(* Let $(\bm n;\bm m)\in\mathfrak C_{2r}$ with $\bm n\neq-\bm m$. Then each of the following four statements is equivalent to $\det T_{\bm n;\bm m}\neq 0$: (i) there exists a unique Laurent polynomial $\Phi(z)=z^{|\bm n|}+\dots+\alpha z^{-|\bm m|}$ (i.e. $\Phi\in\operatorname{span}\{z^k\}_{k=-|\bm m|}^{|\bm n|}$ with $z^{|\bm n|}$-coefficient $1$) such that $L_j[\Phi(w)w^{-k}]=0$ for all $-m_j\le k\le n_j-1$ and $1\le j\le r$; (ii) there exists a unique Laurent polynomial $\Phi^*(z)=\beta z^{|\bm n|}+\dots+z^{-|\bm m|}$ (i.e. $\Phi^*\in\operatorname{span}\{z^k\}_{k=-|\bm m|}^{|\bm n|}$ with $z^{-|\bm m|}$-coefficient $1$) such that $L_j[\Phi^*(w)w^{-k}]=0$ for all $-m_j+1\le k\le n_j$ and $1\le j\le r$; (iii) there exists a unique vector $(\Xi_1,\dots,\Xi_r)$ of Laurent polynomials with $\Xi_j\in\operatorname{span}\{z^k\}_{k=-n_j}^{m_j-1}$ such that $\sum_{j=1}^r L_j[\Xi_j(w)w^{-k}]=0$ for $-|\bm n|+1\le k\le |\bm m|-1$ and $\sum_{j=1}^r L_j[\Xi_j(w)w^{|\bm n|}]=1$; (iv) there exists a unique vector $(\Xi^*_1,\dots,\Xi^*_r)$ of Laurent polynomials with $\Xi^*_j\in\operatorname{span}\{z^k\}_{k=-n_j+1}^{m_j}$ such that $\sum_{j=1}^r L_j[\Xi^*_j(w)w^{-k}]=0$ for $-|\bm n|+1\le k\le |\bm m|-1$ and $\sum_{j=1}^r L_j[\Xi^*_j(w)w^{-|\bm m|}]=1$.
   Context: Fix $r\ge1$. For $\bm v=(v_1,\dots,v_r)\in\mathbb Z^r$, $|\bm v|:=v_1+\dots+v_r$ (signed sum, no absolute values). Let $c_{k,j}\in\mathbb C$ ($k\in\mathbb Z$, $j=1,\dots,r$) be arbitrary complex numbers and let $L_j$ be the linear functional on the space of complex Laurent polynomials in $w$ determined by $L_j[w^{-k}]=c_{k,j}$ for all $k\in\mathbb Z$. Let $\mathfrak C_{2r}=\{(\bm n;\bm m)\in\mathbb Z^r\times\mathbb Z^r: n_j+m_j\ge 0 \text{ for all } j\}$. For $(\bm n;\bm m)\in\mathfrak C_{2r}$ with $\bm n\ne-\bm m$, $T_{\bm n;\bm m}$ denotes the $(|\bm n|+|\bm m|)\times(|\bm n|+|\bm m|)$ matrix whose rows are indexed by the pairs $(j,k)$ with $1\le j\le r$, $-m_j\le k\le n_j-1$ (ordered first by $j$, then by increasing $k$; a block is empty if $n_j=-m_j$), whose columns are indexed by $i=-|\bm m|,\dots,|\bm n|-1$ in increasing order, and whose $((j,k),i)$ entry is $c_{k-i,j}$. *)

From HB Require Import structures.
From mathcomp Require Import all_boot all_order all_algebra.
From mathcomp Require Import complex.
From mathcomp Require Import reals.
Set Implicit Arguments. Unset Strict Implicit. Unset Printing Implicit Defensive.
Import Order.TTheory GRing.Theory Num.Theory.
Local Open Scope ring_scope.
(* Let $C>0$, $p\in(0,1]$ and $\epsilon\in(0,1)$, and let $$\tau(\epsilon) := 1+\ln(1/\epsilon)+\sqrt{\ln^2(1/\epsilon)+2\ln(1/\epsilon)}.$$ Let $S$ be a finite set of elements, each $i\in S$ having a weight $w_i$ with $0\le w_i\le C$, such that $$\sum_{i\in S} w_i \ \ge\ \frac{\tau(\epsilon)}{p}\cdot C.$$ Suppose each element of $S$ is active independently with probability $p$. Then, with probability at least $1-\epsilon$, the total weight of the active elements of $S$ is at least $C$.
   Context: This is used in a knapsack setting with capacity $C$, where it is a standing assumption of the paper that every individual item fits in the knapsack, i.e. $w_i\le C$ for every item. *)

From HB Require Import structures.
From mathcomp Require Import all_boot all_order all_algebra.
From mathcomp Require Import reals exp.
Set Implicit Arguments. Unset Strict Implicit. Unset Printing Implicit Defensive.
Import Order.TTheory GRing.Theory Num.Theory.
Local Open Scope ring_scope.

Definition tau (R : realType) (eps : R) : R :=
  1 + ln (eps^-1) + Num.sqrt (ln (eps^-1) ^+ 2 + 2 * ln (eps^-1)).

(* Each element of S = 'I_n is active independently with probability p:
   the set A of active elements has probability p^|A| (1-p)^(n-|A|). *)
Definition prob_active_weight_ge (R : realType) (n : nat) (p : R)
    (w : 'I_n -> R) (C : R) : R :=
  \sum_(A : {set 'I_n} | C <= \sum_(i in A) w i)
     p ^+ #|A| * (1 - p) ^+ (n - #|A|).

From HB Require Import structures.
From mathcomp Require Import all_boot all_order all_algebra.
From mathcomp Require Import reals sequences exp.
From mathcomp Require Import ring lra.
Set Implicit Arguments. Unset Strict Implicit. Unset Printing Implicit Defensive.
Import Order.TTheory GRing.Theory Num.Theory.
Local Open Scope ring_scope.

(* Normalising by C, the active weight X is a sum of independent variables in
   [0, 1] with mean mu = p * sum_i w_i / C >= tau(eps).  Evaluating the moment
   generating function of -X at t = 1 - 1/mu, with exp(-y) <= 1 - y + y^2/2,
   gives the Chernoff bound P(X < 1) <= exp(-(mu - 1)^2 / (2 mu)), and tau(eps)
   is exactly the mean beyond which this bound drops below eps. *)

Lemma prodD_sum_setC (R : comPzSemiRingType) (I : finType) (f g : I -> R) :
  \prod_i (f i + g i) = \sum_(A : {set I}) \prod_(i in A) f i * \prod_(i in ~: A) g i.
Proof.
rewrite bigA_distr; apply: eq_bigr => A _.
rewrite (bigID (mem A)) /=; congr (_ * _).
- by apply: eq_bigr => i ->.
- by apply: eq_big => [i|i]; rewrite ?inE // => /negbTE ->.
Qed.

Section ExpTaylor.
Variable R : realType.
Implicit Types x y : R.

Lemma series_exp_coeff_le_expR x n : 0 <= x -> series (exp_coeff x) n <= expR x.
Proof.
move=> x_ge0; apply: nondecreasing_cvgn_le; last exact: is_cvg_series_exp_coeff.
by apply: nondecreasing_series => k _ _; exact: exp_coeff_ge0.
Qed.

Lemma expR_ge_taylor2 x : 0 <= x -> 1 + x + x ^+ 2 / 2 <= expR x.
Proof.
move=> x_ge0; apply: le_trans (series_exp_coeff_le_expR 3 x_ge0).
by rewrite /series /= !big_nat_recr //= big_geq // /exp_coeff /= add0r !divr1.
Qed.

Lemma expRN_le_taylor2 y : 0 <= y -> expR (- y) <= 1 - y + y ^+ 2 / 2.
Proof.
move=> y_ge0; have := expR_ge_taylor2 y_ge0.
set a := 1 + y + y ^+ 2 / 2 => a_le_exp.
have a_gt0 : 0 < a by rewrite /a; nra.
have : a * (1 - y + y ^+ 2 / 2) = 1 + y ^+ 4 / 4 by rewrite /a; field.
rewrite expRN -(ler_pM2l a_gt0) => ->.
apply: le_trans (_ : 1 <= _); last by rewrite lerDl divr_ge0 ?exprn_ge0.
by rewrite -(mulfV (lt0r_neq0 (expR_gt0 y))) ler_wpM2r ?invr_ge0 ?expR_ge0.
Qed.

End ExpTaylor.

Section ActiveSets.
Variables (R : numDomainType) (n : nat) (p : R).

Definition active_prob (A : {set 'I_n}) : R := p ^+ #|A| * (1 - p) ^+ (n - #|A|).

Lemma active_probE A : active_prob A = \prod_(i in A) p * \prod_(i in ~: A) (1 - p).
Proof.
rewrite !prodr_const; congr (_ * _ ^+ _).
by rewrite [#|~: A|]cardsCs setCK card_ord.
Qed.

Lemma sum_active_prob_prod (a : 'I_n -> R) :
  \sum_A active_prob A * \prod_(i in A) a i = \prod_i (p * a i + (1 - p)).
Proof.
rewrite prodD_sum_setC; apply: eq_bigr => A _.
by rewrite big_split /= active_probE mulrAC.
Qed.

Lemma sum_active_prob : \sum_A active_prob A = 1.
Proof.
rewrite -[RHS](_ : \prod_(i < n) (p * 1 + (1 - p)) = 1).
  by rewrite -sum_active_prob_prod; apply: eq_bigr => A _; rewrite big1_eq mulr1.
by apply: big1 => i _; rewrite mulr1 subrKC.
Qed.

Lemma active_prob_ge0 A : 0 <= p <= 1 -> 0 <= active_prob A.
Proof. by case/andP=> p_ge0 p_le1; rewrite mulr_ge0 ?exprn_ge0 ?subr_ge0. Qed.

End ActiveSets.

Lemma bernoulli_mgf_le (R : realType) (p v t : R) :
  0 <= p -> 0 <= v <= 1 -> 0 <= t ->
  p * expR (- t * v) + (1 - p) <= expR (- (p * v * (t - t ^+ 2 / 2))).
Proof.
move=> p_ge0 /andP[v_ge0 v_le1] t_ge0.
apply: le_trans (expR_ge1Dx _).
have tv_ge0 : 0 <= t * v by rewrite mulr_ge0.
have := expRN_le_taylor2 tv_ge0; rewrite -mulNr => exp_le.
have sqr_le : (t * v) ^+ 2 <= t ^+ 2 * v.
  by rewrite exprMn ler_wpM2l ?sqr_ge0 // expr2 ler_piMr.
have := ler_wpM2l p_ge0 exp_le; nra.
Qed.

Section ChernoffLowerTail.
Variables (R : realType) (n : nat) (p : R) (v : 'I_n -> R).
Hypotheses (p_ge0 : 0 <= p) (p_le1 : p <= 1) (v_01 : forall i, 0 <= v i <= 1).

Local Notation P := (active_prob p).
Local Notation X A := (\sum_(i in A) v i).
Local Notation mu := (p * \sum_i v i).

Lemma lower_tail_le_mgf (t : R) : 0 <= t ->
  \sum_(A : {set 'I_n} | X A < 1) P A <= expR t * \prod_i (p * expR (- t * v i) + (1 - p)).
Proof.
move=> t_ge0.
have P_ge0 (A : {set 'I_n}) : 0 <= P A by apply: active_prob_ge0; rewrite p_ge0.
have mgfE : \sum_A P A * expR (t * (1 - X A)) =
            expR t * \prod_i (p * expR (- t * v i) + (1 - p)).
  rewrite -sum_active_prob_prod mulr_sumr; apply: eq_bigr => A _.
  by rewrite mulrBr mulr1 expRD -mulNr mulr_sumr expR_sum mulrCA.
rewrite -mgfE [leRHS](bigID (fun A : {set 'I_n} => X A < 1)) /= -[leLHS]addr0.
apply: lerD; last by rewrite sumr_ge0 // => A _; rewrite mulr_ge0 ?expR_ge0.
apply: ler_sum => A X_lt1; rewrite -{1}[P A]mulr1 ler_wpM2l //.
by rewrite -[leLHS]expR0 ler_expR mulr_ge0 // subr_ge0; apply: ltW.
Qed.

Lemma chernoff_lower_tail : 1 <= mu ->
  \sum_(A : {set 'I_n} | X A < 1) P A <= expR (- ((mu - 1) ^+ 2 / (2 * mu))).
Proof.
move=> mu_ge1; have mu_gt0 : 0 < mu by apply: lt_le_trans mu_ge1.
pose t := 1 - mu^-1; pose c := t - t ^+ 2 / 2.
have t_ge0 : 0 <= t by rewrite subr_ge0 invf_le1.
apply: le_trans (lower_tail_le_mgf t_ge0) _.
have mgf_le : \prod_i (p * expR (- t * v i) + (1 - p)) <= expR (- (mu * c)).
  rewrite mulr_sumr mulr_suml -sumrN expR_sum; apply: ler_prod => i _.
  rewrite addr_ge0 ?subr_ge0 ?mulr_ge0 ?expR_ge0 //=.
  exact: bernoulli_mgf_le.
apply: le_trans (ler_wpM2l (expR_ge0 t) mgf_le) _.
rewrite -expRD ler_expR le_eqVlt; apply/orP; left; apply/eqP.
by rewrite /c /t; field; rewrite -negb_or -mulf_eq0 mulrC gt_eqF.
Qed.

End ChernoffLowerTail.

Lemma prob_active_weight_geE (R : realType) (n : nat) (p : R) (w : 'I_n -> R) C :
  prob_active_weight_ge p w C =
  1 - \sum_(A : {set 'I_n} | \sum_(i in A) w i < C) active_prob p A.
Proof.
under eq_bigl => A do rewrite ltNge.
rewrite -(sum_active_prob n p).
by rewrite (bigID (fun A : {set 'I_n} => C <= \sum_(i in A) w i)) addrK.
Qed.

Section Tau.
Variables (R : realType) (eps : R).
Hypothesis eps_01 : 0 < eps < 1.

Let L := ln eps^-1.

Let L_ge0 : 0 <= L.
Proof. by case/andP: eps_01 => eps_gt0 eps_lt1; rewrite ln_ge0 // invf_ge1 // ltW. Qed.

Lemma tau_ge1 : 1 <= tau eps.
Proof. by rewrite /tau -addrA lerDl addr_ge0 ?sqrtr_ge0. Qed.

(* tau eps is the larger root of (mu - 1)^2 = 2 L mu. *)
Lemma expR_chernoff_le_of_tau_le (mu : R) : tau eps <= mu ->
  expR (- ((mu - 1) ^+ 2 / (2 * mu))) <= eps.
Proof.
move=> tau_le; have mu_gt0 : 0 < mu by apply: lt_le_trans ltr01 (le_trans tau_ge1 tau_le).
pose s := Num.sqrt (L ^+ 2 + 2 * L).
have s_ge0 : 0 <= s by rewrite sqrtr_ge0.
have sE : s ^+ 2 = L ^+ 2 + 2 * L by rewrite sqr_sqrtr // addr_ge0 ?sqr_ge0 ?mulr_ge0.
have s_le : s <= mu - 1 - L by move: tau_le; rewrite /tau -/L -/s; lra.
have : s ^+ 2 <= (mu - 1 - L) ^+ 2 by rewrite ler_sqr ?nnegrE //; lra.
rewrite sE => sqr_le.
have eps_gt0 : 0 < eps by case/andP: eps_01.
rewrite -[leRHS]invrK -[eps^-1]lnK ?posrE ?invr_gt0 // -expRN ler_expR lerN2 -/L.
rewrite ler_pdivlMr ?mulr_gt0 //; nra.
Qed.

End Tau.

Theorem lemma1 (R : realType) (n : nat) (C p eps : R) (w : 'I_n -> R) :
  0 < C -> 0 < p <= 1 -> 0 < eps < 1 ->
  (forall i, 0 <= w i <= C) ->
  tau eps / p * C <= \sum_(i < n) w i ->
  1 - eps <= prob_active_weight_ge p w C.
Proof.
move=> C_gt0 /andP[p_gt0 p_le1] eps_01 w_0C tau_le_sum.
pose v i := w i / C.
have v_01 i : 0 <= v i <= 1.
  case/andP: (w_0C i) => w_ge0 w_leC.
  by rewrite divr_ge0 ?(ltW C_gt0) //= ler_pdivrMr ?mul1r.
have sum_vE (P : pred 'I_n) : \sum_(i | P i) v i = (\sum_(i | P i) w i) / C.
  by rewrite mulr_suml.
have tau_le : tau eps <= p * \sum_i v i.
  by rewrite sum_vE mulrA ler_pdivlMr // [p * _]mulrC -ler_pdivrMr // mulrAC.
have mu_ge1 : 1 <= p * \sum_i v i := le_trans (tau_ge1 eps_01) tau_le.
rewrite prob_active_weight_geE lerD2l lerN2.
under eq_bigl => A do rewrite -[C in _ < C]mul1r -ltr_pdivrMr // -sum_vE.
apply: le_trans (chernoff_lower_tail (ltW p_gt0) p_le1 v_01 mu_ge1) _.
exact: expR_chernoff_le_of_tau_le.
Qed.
= = = =
Once you have checked each line above for the string "lerDl", state how many lines contain it and add nothing more.

2